Figure 2. (A) Schematic representation of the Chk1 phosphorylatable sites on the Mad2 protein sequence. Specific S/T sites are evidenced in bold type. The boxes illustrate the two complete Chk1 phosphorylatable sites of Mad2. (B) In vitro kinase assay using wt recombinant GST-Chk1 in the presence of 32γ ATP and the positive recombinant substrate GST-Cdc25C, the putative recombinant substrate GST-Mad2 and the negative control GST. Left: SDS-PAGE stained with comassie blue. Right: autoradiography.
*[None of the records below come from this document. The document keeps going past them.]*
Lemma psi_ideal_gen0 (J : Type) (gen : J -> P) x :
  (forall j, psi (gen j) = 0) -> ideal_gen (pmul a) gen x -> psi x = 0.
Proof.
move=> gen0 [l ->]; rewrite raddf_sum big1 // => t _ /=.
by rewrite !psi_mul gen0 (skew_mul0r sigma_linear) skew_mul0l.
Qed.

Lemma psi_eq0_tgt_part x : psi x = 0 -> forall i, pi (tgt_part x i) = 0.
Proof.
move=> psi0; apply: (skew_rho_sum_eq0 xi_prim); rewrite -[RHS]psi0 [x in RHS]tgt_part_decomp.
by rewrite [in RHS]raddf_sum; apply: eq_bigr => i _ /=; rewrite psi_phi_rho.
Qed.
End Psi.

Theorem theorem5p3
  (k : closedFieldType) (k_char0 : [pchar k] =i pred0)
  (n h : nat) (f : 'I_h -> freealg k n)
  (A : algType k) (pi : {lrmorphism freealg k n -> A})
  (pi_surj : forall y : A, exists x, pi x = y)
  (pi_ker : forall x, pi x = 0 <-> ideal_gen *%R f x)
  (f_homog : forall j, homogeneous (f j))
  (A_noeth : noetherian A)
  (r : nat) (r_gt0 : (0 < r)%N) (xi : k) (xi_prim : r.-primitive_root xi)
  (a : 'I_n -> nat) (a_range : forall j, (0 < a j <= r)%N)
  (g_order : forall p, (0 < p < r)%N -> exists j, xi ^+ (a j * p) != 1)
  (sigma : A -> A) (sigma_def : forall x, sigma (pi x) = pi (gact a xi x)) :
  exists psi : {linear pathalg k r n -> {ffun 'I_r -> A}},
    [/\ psi (pone k r n) = skew_one A r,
        (forall x y, psi (pmul a x y) = skew_mul sigma (psi x) (psi y)),
        (forall y, exists x, psi x = y) &
        (forall x, psi x = 0 <->
           ideal_gen (pmul a)
             (fun t : 'I_h * 'I_r => phi xi (skew_rho xi (f t.1) t.2)) x)].
Proof.
have gen_phi_rho (t : 'I_h * 'I_r) : phi_rho t.2 (f t.1) = phi xi (skew_rho xi (f t.1) t.2).
  by rewrite (phi_skew_rho xi_prim).
exists (psi xi pi); split.
- rewrite /= (pone_phi n xi_prim) (psi_phi xi_prim); apply/ffunP => p.
  by rewrite !ffunE; case: eqP; rewrite ?rmorph1 ?raddf0.
- exact: (psi_mul xi_prim pi_surj sigma_def).
- move=> y; have [u piu] := fin_all_exists (fun p => pi_surj (y p)).
  exists (phi xi [ffun p => u p]); rewrite /= (psi_phi xi_prim).
  by apply/ffunP => p; rewrite !ffunE.
move=> x; split=> [psi0|]; last first.
  apply: (psi_ideal_gen0 xi_prim pi_surj sigma_def) => t.
  rewrite -gen_phi_rho psi_phi_rho; apply/ffunP => p; rewrite !ffunE.
  have /pi_ker -> : ideal_gen *%R f (f t.1).
    by exists [:: (1, t.1, 1)]; rewrite big_seq1 mul1r mulr1.
  by rewrite scaler0.
rewrite (tgt_part_decomp x); apply: ideal_gen_sum => i.
apply: eq_ideal_gen gen_phi_rho _; apply: (ideal_gen_phi_rho a r_gt0).
exact/pi_ker/(psi_eq0_tgt_part xi_prim).
Qed.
Figure 3. A Schematic representation of the Mad2 protein region with Chk1 phosphorylatable sites and the C-terminally truncated part with no phosphorylatable sites (1–110). (B–D) In vitro kinase assay using wt recombinant GST-Chk1 in the presence of 32γ ATP and the positive recombinant substrate GST-Cdc25C, the putative recombinant substrate GST-Mad2 wt, the mutated proteins S195A/T136A and the DEL1–110 (B), the mutated proteins S114A, S120A and S185A (C) and the mutated form in 4 and 6 phosphorylatable sites (D). GST, negative control. Left: SDS-PAGE stained with comassie blue. Right: autoradiography.

Figure 3D. See Figure 3 legend.

Figure 4. (A) Western blot analysis of pS345-Chk1, pS317-Chk1, Chk1, Mad2 and Ran in U2OS cells 24 h after treatment with 30 µM of DDP and in untreated cells. (B) Analysis of DNA content by FACS 24 h after the end of treatment with 30 µM of DDP and in untreated samples. (C) Chk1, Mad2 and DAPI staining in U2OS cells. Merge 1: Mad2 and Chk1 overlay. Merge 2: Chk1, Mad2 and DAPI overlay. (D) Exogenous (Flag-Chk1) and endogenous Chk1 immunoprecipitation from cell extracts of U2OS overexpressing Flag-Chk1 and Mad2, either untreated or 24 h after treatment with 30 µM DDP using a rabbit polyclonal Chk1 antibody. Immunoprecipitation with Rabbit IgG: negative control of the experiment. Immunoprecipitates probed by western blot analysis for Chk1 and Mad2 protein levels. Inputs: total cell extracts, either untreated or treated with DDP (the experiment showed is representative of two independent experiments). (E) Exogenous Flag-Mad2 immunoprecipitation from cell extracts of U2OS overexpressing Flag-Mad2 and HA-Chk1, using a mouse monoclonal Flag antibody. Immunoprecipitation with Mouse IgG: negative control of the experiment. Immunoprecipitates probed by western blot analysis for Chk1 and Mad2 protein levels. Inputs: total cell extracts.